The occupations that characterized the American middle class included many jobs that predated the market revolution as well as a few that were created as a result of it. A list of middle-class occupations would include physicians, lawyers, educators, merchants, and ministers. But it would also have included new kinds of businessmen, whose jobs resulted from the decline of artisanal production. In general, middle-class occupations were defined by nonmanual, or what came to be called "white-collar," work. Over the course of the antebellum period, these jobs, available mostly to Euro-American men, were increasingly associated with upward mobility, proprietorship, and respectability.

Early-nineteenth-century city directories reveal few new job titles. But new forms of business organization and, to a lesser extent, technological innovation transformed the component tasks, status, and cultural meanings of older occupations. By the 1820s many successful artisans were no longer master craftsmen, working alongside journeymen and apprentices on shop floors. Instead, they had abandoned the practice of their crafts to become businessmen who concentrated on supervising employees and monitoring increasingly complex accounting systems. Many of these men continued to identify with their artisanal origins, describing themselves as tailors or cabinetmakers in city directories. Still, the nonmanual work they performed, and the opportunities it afforded, served to increase their social and economic distance from the laborers they employed.

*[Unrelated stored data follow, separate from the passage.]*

(* Let $\mathcal R_1\subset\mathcal G$ be finite and let $\mathcal R_2\subset\mathcal G$ have Property 2. Then there exists a finite set $\mathcal R_3\subset\mathcal G$ such that $\mathcal R_1\subset\mathcal R_3\mathcal R_2$ and the seminorms $p_{\mathcal R_3\mathcal R_2}$ and $q_{\mathcal R_3,\mathcal R_2}$ on $(\mathbb R^d)^{\mathcal R_3\mathcal R_2}$ are equivalent.
   Context: Euclidean group: $\mathrm E(n)$ consists of pairs $(A|b)$, $A\in\mathrm O(n)$, $b\in\mathbb R^n$, acting by $(A|b)\cdot x=Ax+b$, product $(A_1|b_1)(A_2|b_2)=(A_1A_2|b_1+A_1b_2)$; $\mathrm{rot}(A|b)=A$. Standing setting: $d=d_1+d_2$; $\mathcal S<\mathrm E(d_2)$ is a space group (discrete subgroup containing $d_2$ translations with linearly independent translation vectors); for $A\in\mathrm O(d_1)$, $(B|b)\in\mathrm E(d_2)$, $A\oplus(B|b)=(\mathrm{diag}(A,B)|(0,b))$. $\mathcal G$ is a discrete subgroup of $\mathrm E(d)$ (all orbits discrete) contained in $\{A\oplus s:A\in\mathrm O(d_1),s\in\mathcal S\}$ with $\{s: A\oplus s\in\mathcal G\}=\mathcal S$. $x_0\in\mathbb R^d$ is such that $g\mapsto g\cdot x_0$ is injective on $\mathcal G$; with $d_{\mathrm{aff}}$ the dimension of the affine hull $\mathrm{aff}(\mathcal G\cdot x_0)$, it is assumed that $\mathcal G\cdot x_0\subset\{0_{d-d_{\mathrm{aff}}}\}\times\mathbb R^{d_{\mathrm{aff}}}$ and $\mathcal G$ acts trivially on $\mathbb R^{d-d_{\mathrm{aff}}}\times\{0_{d_{\mathrm{aff}}}\}$. For $\mathcal R\subset\mathcal G$: $U_{\mathrm{iso}}(\mathcal R)$ is the set of $u:\mathcal R\to\mathbb R^d$ for which there are $a\in\mathbb R^d$ and $S\in\mathrm{Skew}(d)$ with $\mathrm{rot}(g)u(g)=a+S(g\cdot x_0-x_0)$ for all $g\in\mathcal R$. For finite $\mathcal R$, $(\mathbb R^d)^{\mathcal R}$ has the Euclidean norm $\|v\|=(\sum_{h\in\mathcal R}|v(h)|^2)^{1/2}$ and $p_{\mathcal R}(v)=\mathrm{dist}(v,U_{\mathrm{iso}}(\mathcal R))$. For finite $\mathcal R_1,\mathcal R_2$ and $v:\mathcal R_1\mathcal R_2\to\mathbb R^d$ (where $\mathcal R_1\mathcal R_2=\{gh:g\in\mathcal R_1,h\in\mathcal R_2\}$), $q_{\mathcal R_1,\mathcal R_2}(v)=\big(\sum_{g\in\mathcal R_1}p_{\mathcal R_2}(v(g\,\cdot)|_{\mathcal R_2})^2\big)^{1/2}$. Property 1: $\mathcal R\subset\mathcal G$ is finite, $\mathrm{id}\in\mathcal R$, and $\mathrm{aff}(\mathcal R\cdot x_0)=\mathrm{aff}(\mathcal G\cdot x_0)$. Property 2: $\mathcal R$ is finite and there are $\mathcal R',\mathcal R''\subset\mathcal G$ with $\mathrm{id}\in\mathcal R'$, $\mathcal R'$ generating $\mathcal G$, $\mathcal R''$ having Property 1, and $\mathcal R'\mathcal R''\subset\mathcal R$. *)

From HB Require Import structures.
From mathcomp Require Import all_boot all_order all_algebra.
From mathcomp Require Import finmap.
From mathcomp Require Import boolp classical_sets cardinality reals.

Set Implicit Arguments.
Unset Strict Implicit.
Unset Printing Implicit Defensive.

Import Order.TTheory GRing.Theory Num.Theory.
Local Open Scope ring_scope.
Local Open Scope classical_set_scope.

Section Euclid.
Variable R : realType.

(* elements of E(n) : pairs (A | b) ; membership in E(n) is [isE] *)
Definition Eel (n : nat) := ('M[R]_n * 'cV[R]_n)%type.

Definition orthogonal (n : nat) (A : 'M[R]_n) : Prop := A^T *m A = 1%:M.
Definition isE (n : nat) (g : Eel n) : Prop := orthogonal (fst g).

Definition eid (n : nat) : Eel n := (1%:M, 0).
Definition emul (n : nat) (g h : Eel n) : Eel n :=
  ((fst g) *m (fst h), (snd g) + (fst g) *m (snd h)).
Definition einv (n : nat) (g : Eel n) : Eel n := ((fst g)^T, - ((fst g)^T *m (snd g))).
Definition act (n : nat) (g : Eel n) (x : 'cV[R]_n) : 'cV[R]_n := (fst g) *m x + (snd g).
Definition rot (n : nat) (g : Eel n) : 'M[R]_n := (fst g).

Definition dsum (d1 d2 : nat) (A : 'M[R]_d1) (s : Eel d2) : Eel (d1 + d2) :=
  (block_mx A 0 0 (fst s), col_mx 0 (snd s)).

Definition enorm (n : nat) (x : 'cV[R]_n) : R := Num.sqrt (\sum_i x i 0 ^+ 2).

Definition discrete_set (n : nat) (X : set 'cV[R]_n) : Prop :=
  forall x, X x -> exists2 eps : R, 0 < eps &
    forall y, X y -> enorm (y - x) < eps -> y = x.

Definition orbit (n : nat) (H : set (Eel n)) (x : 'cV[R]_n) : set 'cV[R]_n :=
  [set act g x | g in H].

Definition is_subgroup (n : nat) (H : set (Eel n)) : Prop :=
  [/\ H `<=` @isE n, H (eid n),
      (forall g h, H g -> H h -> H (emul g h)) &
      (forall g, H g -> H (einv g))].

Definition discrete_subgroup (n : nat) (H : set (Eel n)) : Prop :=
  is_subgroup H /\ forall x, discrete_set (orbit H x).

Definition space_group (n : nat) (S : set (Eel n)) : Prop :=
  discrete_subgroup S /\
  exists t : 'I_n -> 'cV[R]_n,
    (forall i, S (1%:M, t i)) /\ row_free (\matrix_(i < n) (t i)^T).

Definition generates (n : nat) (Rg G : set (Eel n)) : Prop :=
  Rg `<=` G /\ forall H, is_subgroup H -> Rg `<=` H -> G `<=` H.

Definition aff (n : nat) (X : set 'cV[R]_n) : set 'cV[R]_n :=
  [set x | exists k (l : 'I_k -> R) (p : 'I_k -> 'cV[R]_n),
     [/\ forall i, X (p i), \sum_i l i = 1 & x = \sum_i l i *: p i]].

Definition indep_in (n : nat) (V : set 'cV[R]_n) (k : nat) : Prop :=
  exists f : 'I_k -> 'cV[R]_n,
    (forall i, V (f i)) /\ row_free (\matrix_(i < k) (f i)^T).
Definition diffs (n : nat) (X : set 'cV[R]_n) : set 'cV[R]_n :=
  [set x - y | x in X & y in X].
Definition aff_dim (n : nat) (X : set 'cV[R]_n) (k : nat) : Prop :=
  X !=set0 /\ indep_in (diffs X) k /\ ~ indep_in (diffs X) k.+1.

Definition skew (n : nat) (S : 'M[R]_n) : Prop := S^T = - S.

Definition Uiso (n : nat) (x0 : 'cV[R]_n) (Rs : {fset Eel n})
    (u : Eel n -> 'cV[R]_n) : Prop :=
  exists (a : 'cV[R]_n) (S : 'M[R]_n), skew S /\
    forall g, g \in Rs -> rot g *m u g = a + S *m (act g x0 - x0).

Definition fnorm (n : nat) (Rs : {fset Eel n}) (v : Eel n -> 'cV[R]_n) : R :=
  Num.sqrt (\sum_(h <- Rs) \sum_i (v h) i 0 ^+ 2).

Definition pR (n : nat) (x0 : 'cV[R]_n) (Rs : {fset Eel n})
    (v : Eel n -> 'cV[R]_n) : R :=
  inf [set fnorm Rs (v \- u) | u in Uiso x0 Rs].

Definition Rprod (n : nat) (R1 R2 : {fset Eel n}) : {fset Eel n} :=
  [fset emul g h | g in R1, h in R2]%fset.

Definition qR (n : nat) (x0 : 'cV[R]_n) (R1 R2 : {fset Eel n})
    (v : Eel n -> 'cV[R]_n) : R :=
  Num.sqrt (\sum_(g <- R1) pR x0 R2 (fun h => v (emul g h)) ^+ 2).

Definition seminorms_equiv (n : nat) (p q : (Eel n -> 'cV[R]_n) -> R) : Prop :=
  exists c C : R, [/\ 0 < c, 0 < C &
    forall v, c * p v <= q v /\ q v <= C * p v].

Definition standing (d1 d2 : nat) (S : set (Eel d2)) (G : set (Eel (d1 + d2)))
    (x0 : 'cV[R]_(d1 + d2)) (daff : nat) : Prop :=
  [/\ space_group S /\ discrete_subgroup G,
      G `<=` [set dsum A s | A in (@orthogonal d1) & s in S],
      [set s | (exists A, G (dsum A s))] = S :> set _,
      (forall g h, G g -> G h -> act g x0 = act h x0 -> g = h) &
      [/\ aff_dim (orbit G x0) daff,
          (forall g (i : 'I_(d1 + d2)), G g -> (i < d1 + d2 - daff)%N -> act g x0 i 0 = 0) &
          (forall g (y : 'cV[R]_(d1 + d2)), G g -> (forall i : 'I_(d1 + d2), (d1 + d2 - daff <= i)%N -> y i 0 = 0) ->
              rot g *m y = y)]].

This distance was reflected in several ways. As early as the 1820s, some firms created specialized retail spaces, whose clean, well-lit interiors and architectural embellishments marked a sharp contrast to the noise, smells, and dirt of artisans' shops and factories alike. White-collar work environments conferred a status that was underscored by salaries: in general, nonmanual proprietors and salaried employees in the early nineteenth century enjoyed higher incomes and accumulated more wealth than did manual workers. The elevated status of white-collar work even extended to entry-level clerical employees—clerks, salesmen, and bookkeepers—who typically earned less than skilled journeymen and who often performed manual labor, including stocking shelves, sweeping the store, and distributing handbills. Focusing on the prospect of upward mobility, these young men identified themselves as future businessmen and proprietors. At the same time, they exaggerated the differences between themselves and manual laborers.

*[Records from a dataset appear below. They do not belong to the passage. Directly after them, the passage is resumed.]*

(* Let $m\ge2$ be an integer and let $A$ be a left brace with $A^{(3)}=A^{m+1}=\{0\}$. Let $a\in A$, define $a_1=a$ and $a_{j+1}=a*a_j$ for $j\ge1$, and let $S$ be the subbrace of $A$ generated by $a$. For $1\le r\le m$ let \[S_r=\Bigl\{\sum_{k=r}^m t_ka_k\;\Big|\; t_k\in\mathbb{Z},\ r\le k\le m\Bigr\}.\] Then $S^r=S_r$ for all $1\le r\le m$, and $S^r=\{0\}$ for $r\ge m+1$. Here $S^r$ is computed inside the left brace $S$.
   Context: A left brace $(A,+,\cdot)$ is a set $A$ with two binary operations such that $(A,+)$ is an abelian group, $(A,\cdot)$ is a group, and $a(b+c)=ab-a+ac$ for all $a,b,c\in A$. In a left brace, $a*b=-a+ab-b$. For subsets $L,M\subseteq A$, $L*M$ is the subgroup of $(A,+)$ generated by $\{l*m\mid l\in L,m\in M\}$. Set $A^{(1)}=A$, $A^{(r+1)}=A^{(r)}*A$, and $A^1=A$, $A^{r+1}=A*A^r$ for $r\ge1$. A subbrace is a subset that is a subgroup of both $(A,+)$ and $(A,\cdot)$ (hence itself a left brace); the subbrace generated by $a$ is the intersection of all subbraces containing $a$. *)

From HB Require Import structures.
From mathcomp Require Import all_boot all_order all_algebra.
Set Implicit Arguments. Unset Strict Implicit. Unset Printing Implicit Defensive.
Import GRing.Theory.
Local Open Scope ring_scope.

Record left_brace (A : zmodType) := LeftBrace {
  bmul : A -> A -> A;
  bid : A;
  binv : A -> A;
  bmulA : forall x y z, bmul x (bmul y z) = bmul (bmul x y) z;
  bmul1x : forall x, bmul bid x = x;
  bmulx1 : forall x, bmul x bid = x;
  bmulVx : forall x, bmul (binv x) x = bid;
  bmulxV : forall x, bmul x (binv x) = bid;
  bdistr : forall a b c, bmul a (b + c) = bmul a b - a + bmul a c
}.

Section Brace.
Variables (A : zmodType) (B : left_brace A).

Definition bstar (a b : A) : A := - a + bmul B a b - b.

Inductive addgen (X : A -> Prop) : A -> Prop :=
  | addgen_gen x : X x -> addgen X x
  | addgen_0 : addgen X 0
  | addgen_sub x y : addgen X x -> addgen X y -> addgen X (x - y).

Definition starset (L M : A -> Prop) : A -> Prop :=
  addgen (fun x => exists l m, L l /\ M m /\ x = bstar l m).

Definition fullset : A -> Prop := fun _ => True.

(* right series A^(r) (r >= 1; index 0 is the same as 1 by convention) *)
Fixpoint rser (n : nat) : A -> Prop :=
  match n with
  | 0 => fullset
  | 1 => fullset
  | S ((S _) as k) => starset (rser k) fullset
  end.

(* left series of the sub-brace T (T^1 = T, T^(r+1) = T * T^r),
   computed inside T; T = fullset gives A^r *)
Fixpoint lser (T : A -> Prop) (n : nat) : A -> Prop :=
  match n with
  | 0 => T
  | 1 => T
  | S ((S _) as k) => starset T (lser T k)
  end.

Definition is_subbrace (T : A -> Prop) : Prop :=
  T 0 /\ (forall x y, T x -> T y -> T (x - y)) /\
  T (bid B) /\ (forall x y, T x -> T y -> T (bmul B x y)) /\
  (forall x, T x -> T (binv B x)).

Definition gen_subbrace (a : A) : A -> Prop :=
  fun x => forall T, is_subbrace T -> T a -> T x.

(* a_1 = a, a_(j+1) = a * a_j  (index 0 is junk, equal to a) *)
Fixpoint aseq (a : A) (n : nat) : A :=
  match n with
  | 0 => a
  | 1 => a
  | S ((S _) as k) => bstar a (aseq a k)
  end.

Definition Sr (a : A) (m r : nat) : A -> Prop :=
  fun x => exists t : nat -> int, x = \sum_(r <= k < m.+1) (aseq a k) *~ t k.

End Brace.

From mathcomp Require Import all_boot all_order all_algebra.
Import GRing.Theory.
Set Implicit Arguments. Unset Strict Implicit. Unset Printing Implicit Defensive.
Local Open Scope ring_scope.

(* Write lambda_x(y) = -x + xy, so that x*y = lambda_x(y) - y.  In any left
   brace lambda_x is an additive automorphism and x |-> lambda_x turns the
   brace product into composition.  If moreover A^(3) = 0 then every lambda_(x*y)
   is the identity, and from this x |-> lambda_x is also additive:
   lambda_(x+y) = lambda_x o lambda_y.

   Let V_r be the Z-span of a_r, ..., a_m (the set S_r of the statement); the
   a_k vanish for k > m because a_k lies in A^k.  The heart of the proof is
   that lambda_(na) - id maps V_r into V_(r+1) for every integer n: for
   n = 1 this is y |-> a*y, for n = -1 it follows from a downward induction
   on the a_k, and the general case by iteration, using additivity of lambda.
   Since every x in V_1 acts as lambda_(na) for some n, this shows that V_1 is
   a subbrace, hence equals the subbrace S generated by a, and that
   V_1 * V_r = V_(r+1); an induction on r then computes S^r = V_r. *)

Section LambdaMap.
Variables (A : zmodType) (B : left_brace A).

Local Notation mul := (bmul B).

Definition lam (x y : A) : A := - x + mul x y.

(* Taking b = c = 0 in the brace axiom gives a0 = a. *)
Lemma mulx0 x : mul x 0 = x.
Proof.
have := bdistr B x 0 0; rewrite addr0 => h.
apply/eqP; rewrite -subr_eq0; apply/eqP; apply: (addIr (mul x 0)).
by rewrite add0r -h.
Qed.

Lemma bid0 : bid B = 0.
Proof. by rewrite -[RHS](bmul1x B) mulx0. Qed.

Lemma lamD x y z : lam x (y + z) = lam x y + lam x z.
Proof. by rewrite /lam bdistr !addrA. Qed.

Lemma lam0 x : lam x 0 = 0.
Proof. by rewrite /lam mulx0 addNr. Qed.

Lemma lamN x y : lam x (- y) = - lam x y.
Proof. by apply/eqP; rewrite -addr_eq0 -lamD addNr lam0. Qed.

Lemma lamB x y z : lam x (y - z) = lam x y - lam x z.
Proof. by rewrite lamD lamN. Qed.

Lemma mul_lam x y : mul x y = x + lam x y.
Proof. by rewrite /lam addrA addrN add0r. Qed.

Lemma lamM x y z : lam (mul x y) z = lam x (lam y z).
Proof.
rewrite -[lam y z]/(- y + mul y z) lamD lamN /lam -bmulA !opprD opprK.
by rewrite !addrA [x - _]addrC addrK.
Qed.

Lemma lam0x z : lam 0 z = z.
Proof. by rewrite /lam -bid0 bmul1x bid0 oppr0 add0r. Qed.

Lemma lamVK x z : lam (binv B x) (lam x z) = z.
Proof. by rewrite -lamM bmulVx bid0 lam0x. Qed.

Lemma lamKV x z : lam x (lam (binv B x) z) = z.
Proof. by rewrite -lamM bmulxV bid0 lam0x. Qed.

Lemma bstar_lam x y : bstar B x y = lam x y - y.
Proof. by []. Qed.

Lemma bstarB x y z : bstar B x (y - z) = bstar B x y - bstar B x z.
Proof. by rewrite !bstar_lam lamB !opprD !opprK addrACA. Qed.

Lemma bstar0 x : bstar B x 0 = 0.
Proof. by rewrite bstar_lam lam0 subrr. Qed.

Perhaps most important, white-collar occupations derived social prestige and economic power from their association with proprietorship. By the end of the Jacksonian era, cities like Philadelphia witnessed a growing correlation between white-collar work and business ownership on the one hand and manual work and permanent wage labor on other. Small firms owned by manual laborers did not disappear, although proprietorship became more elusive and more precarious. But over the course of the antebellum era, especially in urban areas, they would be overshadowed by firms whose owners devoted themselves to management. Middle-class occupations thus derived their status partly from economic benefits, including income and proprietorship, and partly from their growing spatial, cultural, and economic distance from manual labor. By emphasizing that they worked with their heads, not with their hands, artisans who had developed into businessmen and their salaried employees aligned themselves with members of the nascent professions—lawyers, physicians, educators, and ministers.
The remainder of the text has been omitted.